What is needed: For the entries below, repeat exactly each line starting with the one that contains "by rewrite -size_poly_eq0 -leqn0 le_v." and going on through the one that contains "Lemma rdeg_eq_mdeg m", and no others.

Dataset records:

>>>>

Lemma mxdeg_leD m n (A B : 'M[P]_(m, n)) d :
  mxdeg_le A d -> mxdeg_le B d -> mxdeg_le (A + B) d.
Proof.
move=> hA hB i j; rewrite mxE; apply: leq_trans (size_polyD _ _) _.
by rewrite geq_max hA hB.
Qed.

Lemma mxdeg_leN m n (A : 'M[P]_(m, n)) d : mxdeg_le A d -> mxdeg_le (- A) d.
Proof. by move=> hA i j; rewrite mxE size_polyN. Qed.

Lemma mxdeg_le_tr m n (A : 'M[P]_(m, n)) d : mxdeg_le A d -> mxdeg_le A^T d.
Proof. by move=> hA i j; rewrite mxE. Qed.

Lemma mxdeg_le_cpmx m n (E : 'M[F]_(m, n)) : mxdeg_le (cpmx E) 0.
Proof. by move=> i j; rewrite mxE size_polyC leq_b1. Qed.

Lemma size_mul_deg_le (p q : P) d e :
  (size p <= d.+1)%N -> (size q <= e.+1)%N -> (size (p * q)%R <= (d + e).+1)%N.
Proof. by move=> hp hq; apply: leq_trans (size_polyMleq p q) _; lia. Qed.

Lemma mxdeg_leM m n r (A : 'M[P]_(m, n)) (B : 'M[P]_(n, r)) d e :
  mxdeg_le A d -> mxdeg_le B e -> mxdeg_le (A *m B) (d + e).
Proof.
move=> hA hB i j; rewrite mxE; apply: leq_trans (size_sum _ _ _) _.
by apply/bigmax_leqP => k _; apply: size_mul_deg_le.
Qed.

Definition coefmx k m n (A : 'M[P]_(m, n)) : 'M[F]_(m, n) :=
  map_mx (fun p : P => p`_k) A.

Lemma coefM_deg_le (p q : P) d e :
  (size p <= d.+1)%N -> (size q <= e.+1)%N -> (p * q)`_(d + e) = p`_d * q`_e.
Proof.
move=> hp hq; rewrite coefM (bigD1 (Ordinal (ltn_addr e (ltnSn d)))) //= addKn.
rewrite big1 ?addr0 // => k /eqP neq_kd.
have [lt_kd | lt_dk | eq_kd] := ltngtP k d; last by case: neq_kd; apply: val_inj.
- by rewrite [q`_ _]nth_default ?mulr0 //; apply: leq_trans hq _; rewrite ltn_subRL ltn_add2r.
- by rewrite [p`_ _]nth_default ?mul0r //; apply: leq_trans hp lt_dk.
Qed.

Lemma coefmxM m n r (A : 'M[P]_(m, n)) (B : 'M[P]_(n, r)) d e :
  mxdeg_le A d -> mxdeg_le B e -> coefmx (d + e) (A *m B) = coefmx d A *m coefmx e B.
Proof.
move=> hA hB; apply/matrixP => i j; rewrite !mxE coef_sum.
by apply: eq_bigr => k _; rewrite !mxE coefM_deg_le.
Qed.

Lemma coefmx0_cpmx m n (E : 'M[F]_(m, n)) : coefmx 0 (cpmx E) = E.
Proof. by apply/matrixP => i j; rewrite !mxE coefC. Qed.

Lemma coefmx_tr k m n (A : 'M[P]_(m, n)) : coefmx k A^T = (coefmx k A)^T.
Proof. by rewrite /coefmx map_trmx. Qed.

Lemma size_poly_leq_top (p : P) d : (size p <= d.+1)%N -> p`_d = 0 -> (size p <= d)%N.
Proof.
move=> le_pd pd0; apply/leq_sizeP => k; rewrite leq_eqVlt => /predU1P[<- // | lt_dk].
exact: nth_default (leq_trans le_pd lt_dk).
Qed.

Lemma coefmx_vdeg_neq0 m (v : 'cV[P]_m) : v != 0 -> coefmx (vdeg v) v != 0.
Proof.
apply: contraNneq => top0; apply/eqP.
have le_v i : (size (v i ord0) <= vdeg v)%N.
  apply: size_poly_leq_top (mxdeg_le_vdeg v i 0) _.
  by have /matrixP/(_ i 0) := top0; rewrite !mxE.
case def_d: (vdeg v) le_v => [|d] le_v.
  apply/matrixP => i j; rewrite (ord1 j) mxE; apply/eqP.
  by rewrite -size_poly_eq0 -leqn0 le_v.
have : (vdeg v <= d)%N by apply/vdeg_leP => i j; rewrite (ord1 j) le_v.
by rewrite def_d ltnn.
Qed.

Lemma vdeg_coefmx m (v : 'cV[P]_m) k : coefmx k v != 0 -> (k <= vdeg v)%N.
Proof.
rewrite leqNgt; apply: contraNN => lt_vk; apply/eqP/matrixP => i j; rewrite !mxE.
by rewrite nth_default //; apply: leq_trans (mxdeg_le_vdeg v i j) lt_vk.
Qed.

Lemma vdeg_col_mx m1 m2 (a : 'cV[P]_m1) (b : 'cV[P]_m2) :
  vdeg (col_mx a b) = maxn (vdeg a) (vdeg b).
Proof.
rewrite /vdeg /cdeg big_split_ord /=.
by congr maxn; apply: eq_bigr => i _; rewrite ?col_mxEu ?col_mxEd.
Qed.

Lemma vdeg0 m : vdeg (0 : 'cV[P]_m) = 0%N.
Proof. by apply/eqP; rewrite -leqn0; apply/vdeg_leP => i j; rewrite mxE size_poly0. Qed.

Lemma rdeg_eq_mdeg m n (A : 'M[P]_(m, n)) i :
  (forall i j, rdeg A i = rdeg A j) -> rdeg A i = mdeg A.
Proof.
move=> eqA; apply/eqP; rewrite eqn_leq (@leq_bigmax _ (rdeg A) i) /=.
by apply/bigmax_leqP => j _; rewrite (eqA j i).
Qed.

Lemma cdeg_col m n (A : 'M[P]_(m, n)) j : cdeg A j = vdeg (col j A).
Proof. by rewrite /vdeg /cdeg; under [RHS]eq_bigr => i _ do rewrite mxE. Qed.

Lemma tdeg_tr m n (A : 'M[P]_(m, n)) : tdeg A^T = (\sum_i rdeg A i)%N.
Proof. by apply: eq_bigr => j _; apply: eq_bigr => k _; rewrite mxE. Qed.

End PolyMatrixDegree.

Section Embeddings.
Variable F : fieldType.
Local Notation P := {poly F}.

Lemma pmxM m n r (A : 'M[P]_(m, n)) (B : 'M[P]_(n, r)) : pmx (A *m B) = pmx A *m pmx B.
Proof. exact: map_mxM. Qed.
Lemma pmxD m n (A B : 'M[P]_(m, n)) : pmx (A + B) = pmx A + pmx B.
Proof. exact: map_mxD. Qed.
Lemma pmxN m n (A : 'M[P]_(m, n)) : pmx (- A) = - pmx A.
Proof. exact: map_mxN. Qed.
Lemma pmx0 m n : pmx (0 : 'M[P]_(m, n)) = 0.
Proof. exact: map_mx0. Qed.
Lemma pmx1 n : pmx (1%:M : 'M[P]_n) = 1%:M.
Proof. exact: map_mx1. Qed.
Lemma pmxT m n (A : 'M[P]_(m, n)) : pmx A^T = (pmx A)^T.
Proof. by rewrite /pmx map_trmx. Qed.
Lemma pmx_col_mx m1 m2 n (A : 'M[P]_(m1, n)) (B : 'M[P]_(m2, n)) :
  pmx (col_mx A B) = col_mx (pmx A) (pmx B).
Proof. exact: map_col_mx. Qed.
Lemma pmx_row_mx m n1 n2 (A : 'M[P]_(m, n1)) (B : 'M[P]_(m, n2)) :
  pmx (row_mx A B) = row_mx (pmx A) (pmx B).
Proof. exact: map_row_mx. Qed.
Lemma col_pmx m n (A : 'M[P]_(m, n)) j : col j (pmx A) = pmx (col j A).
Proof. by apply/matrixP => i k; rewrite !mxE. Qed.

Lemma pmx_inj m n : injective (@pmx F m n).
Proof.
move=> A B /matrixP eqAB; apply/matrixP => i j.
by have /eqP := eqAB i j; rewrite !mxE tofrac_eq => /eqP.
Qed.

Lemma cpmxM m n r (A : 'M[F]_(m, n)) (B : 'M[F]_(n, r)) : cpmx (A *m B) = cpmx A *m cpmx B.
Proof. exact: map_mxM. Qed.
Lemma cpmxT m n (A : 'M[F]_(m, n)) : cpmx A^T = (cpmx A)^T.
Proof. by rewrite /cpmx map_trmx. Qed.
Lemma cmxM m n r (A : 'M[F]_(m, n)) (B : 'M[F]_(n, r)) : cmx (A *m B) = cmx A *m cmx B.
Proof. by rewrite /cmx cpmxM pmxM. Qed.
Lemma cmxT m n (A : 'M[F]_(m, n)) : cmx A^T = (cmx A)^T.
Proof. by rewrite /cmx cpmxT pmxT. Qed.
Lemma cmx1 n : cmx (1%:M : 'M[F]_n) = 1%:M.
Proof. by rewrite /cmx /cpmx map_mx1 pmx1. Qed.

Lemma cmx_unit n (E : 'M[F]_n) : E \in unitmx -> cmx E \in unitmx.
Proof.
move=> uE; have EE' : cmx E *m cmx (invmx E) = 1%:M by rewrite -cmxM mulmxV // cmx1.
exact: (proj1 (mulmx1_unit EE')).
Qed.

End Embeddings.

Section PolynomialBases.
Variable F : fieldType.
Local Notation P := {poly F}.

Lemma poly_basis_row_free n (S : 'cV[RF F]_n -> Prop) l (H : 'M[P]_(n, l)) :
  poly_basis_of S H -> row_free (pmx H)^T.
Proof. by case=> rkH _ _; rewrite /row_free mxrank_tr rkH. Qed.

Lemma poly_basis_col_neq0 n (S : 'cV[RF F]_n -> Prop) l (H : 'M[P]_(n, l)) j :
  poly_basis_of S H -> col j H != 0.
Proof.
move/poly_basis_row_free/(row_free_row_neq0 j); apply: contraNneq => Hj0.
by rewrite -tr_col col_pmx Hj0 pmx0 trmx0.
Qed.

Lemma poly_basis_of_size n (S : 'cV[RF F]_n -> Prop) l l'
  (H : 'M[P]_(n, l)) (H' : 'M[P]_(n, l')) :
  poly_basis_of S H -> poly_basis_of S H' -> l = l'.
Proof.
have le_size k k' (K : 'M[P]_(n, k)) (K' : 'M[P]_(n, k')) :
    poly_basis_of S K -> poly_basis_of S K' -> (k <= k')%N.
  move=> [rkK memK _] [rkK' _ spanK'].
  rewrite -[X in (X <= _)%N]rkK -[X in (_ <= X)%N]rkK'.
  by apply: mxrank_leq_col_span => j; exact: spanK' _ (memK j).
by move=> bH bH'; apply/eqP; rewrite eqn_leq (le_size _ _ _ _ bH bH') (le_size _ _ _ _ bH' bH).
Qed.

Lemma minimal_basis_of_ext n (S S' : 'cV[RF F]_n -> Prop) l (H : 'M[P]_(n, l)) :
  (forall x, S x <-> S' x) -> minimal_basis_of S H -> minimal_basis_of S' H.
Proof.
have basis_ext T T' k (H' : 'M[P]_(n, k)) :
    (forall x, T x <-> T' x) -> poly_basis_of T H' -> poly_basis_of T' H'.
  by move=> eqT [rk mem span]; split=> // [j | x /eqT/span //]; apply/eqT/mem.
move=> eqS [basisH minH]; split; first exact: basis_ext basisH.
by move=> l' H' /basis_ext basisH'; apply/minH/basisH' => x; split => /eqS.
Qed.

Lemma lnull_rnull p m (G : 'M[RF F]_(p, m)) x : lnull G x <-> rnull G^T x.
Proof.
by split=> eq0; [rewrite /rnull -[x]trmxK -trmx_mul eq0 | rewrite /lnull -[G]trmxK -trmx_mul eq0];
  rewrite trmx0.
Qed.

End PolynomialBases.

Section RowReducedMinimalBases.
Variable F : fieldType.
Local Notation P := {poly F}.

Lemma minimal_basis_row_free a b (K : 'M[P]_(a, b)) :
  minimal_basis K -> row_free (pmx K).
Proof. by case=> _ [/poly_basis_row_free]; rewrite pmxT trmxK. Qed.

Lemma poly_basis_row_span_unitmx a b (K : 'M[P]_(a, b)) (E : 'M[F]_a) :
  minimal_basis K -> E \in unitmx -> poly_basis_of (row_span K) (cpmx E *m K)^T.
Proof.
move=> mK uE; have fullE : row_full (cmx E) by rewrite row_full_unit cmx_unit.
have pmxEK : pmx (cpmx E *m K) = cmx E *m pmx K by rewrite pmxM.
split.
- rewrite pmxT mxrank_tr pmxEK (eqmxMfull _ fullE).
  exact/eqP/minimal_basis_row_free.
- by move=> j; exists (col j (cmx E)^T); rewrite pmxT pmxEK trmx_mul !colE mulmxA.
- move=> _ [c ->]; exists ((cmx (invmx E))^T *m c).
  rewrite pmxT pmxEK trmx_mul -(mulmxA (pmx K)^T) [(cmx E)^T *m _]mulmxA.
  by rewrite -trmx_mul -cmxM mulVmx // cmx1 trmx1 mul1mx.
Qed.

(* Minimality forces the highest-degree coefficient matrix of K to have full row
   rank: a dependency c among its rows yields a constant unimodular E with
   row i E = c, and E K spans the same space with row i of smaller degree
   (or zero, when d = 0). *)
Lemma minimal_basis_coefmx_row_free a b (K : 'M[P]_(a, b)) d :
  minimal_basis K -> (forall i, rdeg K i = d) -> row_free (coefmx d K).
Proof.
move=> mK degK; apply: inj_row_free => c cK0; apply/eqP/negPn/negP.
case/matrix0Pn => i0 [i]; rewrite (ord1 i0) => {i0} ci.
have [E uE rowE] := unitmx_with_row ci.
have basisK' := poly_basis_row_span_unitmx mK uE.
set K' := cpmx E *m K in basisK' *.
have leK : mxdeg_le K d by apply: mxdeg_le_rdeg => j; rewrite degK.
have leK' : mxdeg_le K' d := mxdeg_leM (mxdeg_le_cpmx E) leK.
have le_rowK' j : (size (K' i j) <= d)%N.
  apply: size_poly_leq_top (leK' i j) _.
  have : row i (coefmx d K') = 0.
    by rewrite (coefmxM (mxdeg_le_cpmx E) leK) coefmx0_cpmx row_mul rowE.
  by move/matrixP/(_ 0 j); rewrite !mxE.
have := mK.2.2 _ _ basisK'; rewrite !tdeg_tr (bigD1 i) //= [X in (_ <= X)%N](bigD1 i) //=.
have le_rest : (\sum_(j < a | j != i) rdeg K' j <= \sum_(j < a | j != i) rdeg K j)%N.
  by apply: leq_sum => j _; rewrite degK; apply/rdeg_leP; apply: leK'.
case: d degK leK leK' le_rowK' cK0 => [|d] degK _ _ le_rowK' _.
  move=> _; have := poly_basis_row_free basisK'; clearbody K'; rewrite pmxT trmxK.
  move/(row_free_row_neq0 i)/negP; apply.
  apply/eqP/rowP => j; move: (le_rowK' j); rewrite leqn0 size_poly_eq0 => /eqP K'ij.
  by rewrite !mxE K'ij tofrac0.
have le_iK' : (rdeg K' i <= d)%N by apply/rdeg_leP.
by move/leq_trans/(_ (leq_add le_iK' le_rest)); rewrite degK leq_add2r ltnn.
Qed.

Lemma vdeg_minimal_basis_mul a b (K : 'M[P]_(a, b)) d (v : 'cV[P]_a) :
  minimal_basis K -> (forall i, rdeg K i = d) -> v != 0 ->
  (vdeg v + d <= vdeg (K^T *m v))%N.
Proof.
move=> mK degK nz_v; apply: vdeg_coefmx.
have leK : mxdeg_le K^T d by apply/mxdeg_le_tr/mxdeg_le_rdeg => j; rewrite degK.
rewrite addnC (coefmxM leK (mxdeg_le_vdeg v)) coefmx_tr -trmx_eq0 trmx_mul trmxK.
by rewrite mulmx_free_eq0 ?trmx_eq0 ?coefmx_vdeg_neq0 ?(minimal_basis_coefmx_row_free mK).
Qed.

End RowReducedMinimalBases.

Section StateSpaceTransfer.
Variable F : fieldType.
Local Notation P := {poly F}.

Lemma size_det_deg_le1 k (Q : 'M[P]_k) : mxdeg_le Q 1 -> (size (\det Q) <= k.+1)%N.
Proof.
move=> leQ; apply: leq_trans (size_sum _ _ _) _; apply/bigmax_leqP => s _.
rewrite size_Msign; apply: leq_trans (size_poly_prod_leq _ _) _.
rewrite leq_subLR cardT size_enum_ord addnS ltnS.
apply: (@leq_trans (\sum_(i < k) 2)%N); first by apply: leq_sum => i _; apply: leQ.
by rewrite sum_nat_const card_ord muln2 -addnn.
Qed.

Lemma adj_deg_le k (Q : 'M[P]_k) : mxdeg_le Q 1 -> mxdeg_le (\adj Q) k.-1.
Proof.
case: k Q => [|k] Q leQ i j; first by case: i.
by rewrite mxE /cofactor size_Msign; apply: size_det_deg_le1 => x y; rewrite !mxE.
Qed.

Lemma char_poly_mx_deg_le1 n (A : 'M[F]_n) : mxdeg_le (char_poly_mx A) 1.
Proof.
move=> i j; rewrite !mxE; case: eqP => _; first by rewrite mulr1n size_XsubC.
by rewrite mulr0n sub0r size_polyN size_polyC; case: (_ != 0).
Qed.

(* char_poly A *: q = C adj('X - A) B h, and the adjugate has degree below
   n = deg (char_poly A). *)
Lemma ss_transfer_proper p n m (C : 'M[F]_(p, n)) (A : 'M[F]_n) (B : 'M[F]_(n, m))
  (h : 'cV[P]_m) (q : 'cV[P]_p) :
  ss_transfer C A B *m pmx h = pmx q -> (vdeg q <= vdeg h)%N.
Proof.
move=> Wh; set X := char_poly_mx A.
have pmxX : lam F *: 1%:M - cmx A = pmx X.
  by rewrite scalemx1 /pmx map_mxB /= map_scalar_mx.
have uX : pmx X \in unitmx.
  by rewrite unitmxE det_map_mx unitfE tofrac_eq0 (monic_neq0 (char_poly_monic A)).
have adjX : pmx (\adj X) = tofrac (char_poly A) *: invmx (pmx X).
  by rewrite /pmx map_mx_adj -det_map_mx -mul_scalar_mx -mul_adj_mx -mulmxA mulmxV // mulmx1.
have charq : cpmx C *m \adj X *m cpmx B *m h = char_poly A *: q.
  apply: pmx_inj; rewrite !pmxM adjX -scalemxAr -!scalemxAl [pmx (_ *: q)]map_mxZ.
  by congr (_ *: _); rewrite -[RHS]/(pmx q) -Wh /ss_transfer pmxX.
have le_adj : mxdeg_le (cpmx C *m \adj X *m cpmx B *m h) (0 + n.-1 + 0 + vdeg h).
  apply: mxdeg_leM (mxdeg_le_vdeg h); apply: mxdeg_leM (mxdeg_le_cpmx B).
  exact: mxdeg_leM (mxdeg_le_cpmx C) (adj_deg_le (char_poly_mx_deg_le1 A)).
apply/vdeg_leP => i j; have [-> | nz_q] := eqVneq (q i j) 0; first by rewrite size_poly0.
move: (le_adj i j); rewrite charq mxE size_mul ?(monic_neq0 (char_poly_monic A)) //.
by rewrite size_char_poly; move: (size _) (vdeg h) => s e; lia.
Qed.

<<<<
>>>>

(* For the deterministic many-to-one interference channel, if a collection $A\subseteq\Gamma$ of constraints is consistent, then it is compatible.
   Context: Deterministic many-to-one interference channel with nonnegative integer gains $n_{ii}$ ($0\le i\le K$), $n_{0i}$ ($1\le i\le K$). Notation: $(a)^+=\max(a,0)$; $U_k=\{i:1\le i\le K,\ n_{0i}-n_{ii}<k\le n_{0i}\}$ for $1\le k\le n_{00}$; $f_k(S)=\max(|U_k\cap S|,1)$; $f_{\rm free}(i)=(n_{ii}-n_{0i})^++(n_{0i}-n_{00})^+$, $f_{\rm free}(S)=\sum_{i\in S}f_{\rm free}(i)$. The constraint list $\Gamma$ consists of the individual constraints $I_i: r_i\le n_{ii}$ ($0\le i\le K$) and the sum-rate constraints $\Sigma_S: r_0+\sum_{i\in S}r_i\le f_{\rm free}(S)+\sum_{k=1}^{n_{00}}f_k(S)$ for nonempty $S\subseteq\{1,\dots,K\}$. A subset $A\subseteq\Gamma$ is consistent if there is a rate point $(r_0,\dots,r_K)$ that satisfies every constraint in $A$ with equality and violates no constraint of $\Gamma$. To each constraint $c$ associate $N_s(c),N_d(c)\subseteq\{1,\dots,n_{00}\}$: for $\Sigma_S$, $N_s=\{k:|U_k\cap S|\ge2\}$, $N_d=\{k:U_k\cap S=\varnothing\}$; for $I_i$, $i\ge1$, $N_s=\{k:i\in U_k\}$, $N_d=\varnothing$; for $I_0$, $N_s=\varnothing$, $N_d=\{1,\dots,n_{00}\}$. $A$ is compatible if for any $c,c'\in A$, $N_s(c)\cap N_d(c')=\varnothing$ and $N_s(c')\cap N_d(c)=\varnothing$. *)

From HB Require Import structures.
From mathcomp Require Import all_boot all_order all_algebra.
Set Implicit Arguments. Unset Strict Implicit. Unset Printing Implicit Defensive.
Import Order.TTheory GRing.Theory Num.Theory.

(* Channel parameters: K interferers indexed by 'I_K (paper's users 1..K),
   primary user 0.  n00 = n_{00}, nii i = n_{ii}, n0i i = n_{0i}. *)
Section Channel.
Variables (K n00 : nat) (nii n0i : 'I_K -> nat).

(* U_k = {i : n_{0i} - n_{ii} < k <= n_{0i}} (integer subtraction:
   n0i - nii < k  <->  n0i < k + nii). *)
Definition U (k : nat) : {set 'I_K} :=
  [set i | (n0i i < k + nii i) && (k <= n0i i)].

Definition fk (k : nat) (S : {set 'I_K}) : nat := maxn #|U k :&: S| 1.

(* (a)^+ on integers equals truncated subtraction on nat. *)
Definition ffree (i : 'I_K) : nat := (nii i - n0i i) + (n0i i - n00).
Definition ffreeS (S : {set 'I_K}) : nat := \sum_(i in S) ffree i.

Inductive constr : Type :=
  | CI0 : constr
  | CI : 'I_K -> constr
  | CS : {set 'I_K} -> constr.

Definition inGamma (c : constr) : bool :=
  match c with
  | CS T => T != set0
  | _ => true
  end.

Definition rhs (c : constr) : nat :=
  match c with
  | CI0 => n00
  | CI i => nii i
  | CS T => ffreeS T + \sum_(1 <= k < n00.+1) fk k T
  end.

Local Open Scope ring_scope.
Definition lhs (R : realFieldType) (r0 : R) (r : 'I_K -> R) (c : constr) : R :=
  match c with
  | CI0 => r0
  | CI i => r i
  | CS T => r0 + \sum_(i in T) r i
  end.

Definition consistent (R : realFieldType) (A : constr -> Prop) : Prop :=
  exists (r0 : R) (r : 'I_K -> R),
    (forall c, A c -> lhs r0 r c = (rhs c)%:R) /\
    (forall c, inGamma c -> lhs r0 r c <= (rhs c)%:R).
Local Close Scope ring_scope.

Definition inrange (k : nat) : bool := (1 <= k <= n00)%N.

<<<<

Answer space:
  by rewrite -size_poly_eq0 -leqn0 le_v.
have : (vdeg v <= d)%N by apply/vdeg_leP => i j; rewrite (ord1 j) le_v.
by rewrite def_d ltnn.
Qed.

Lemma vdeg_coefmx m (v : 'cV[P]_m) k : coefmx k v != 0 -> (k <= vdeg v)%N.
Proof.
rewrite leqNgt; apply: contraNN => lt_vk; apply/eqP/matrixP => i j; rewrite !mxE.
by rewrite nth_default //; apply: leq_trans (mxdeg_le_vdeg v i j) lt_vk.
Qed.

Lemma vdeg_col_mx m1 m2 (a : 'cV[P]_m1) (b : 'cV[P]_m2) :
  vdeg (col_mx a b) = maxn (vdeg a) (vdeg b).
Proof.
rewrite /vdeg /cdeg big_split_ord /=.
by congr maxn; apply: eq_bigr => i _; rewrite ?col_mxEu ?col_mxEd.
Qed.

Lemma vdeg0 m : vdeg (0 : 'cV[P]_m) = 0%N.
Proof. by apply/eqP; rewrite -leqn0; apply/vdeg_leP => i j; rewrite mxE size_poly0. Qed.

Lemma rdeg_eq_mdeg m n (A : 'M[P]_(m, n)) i :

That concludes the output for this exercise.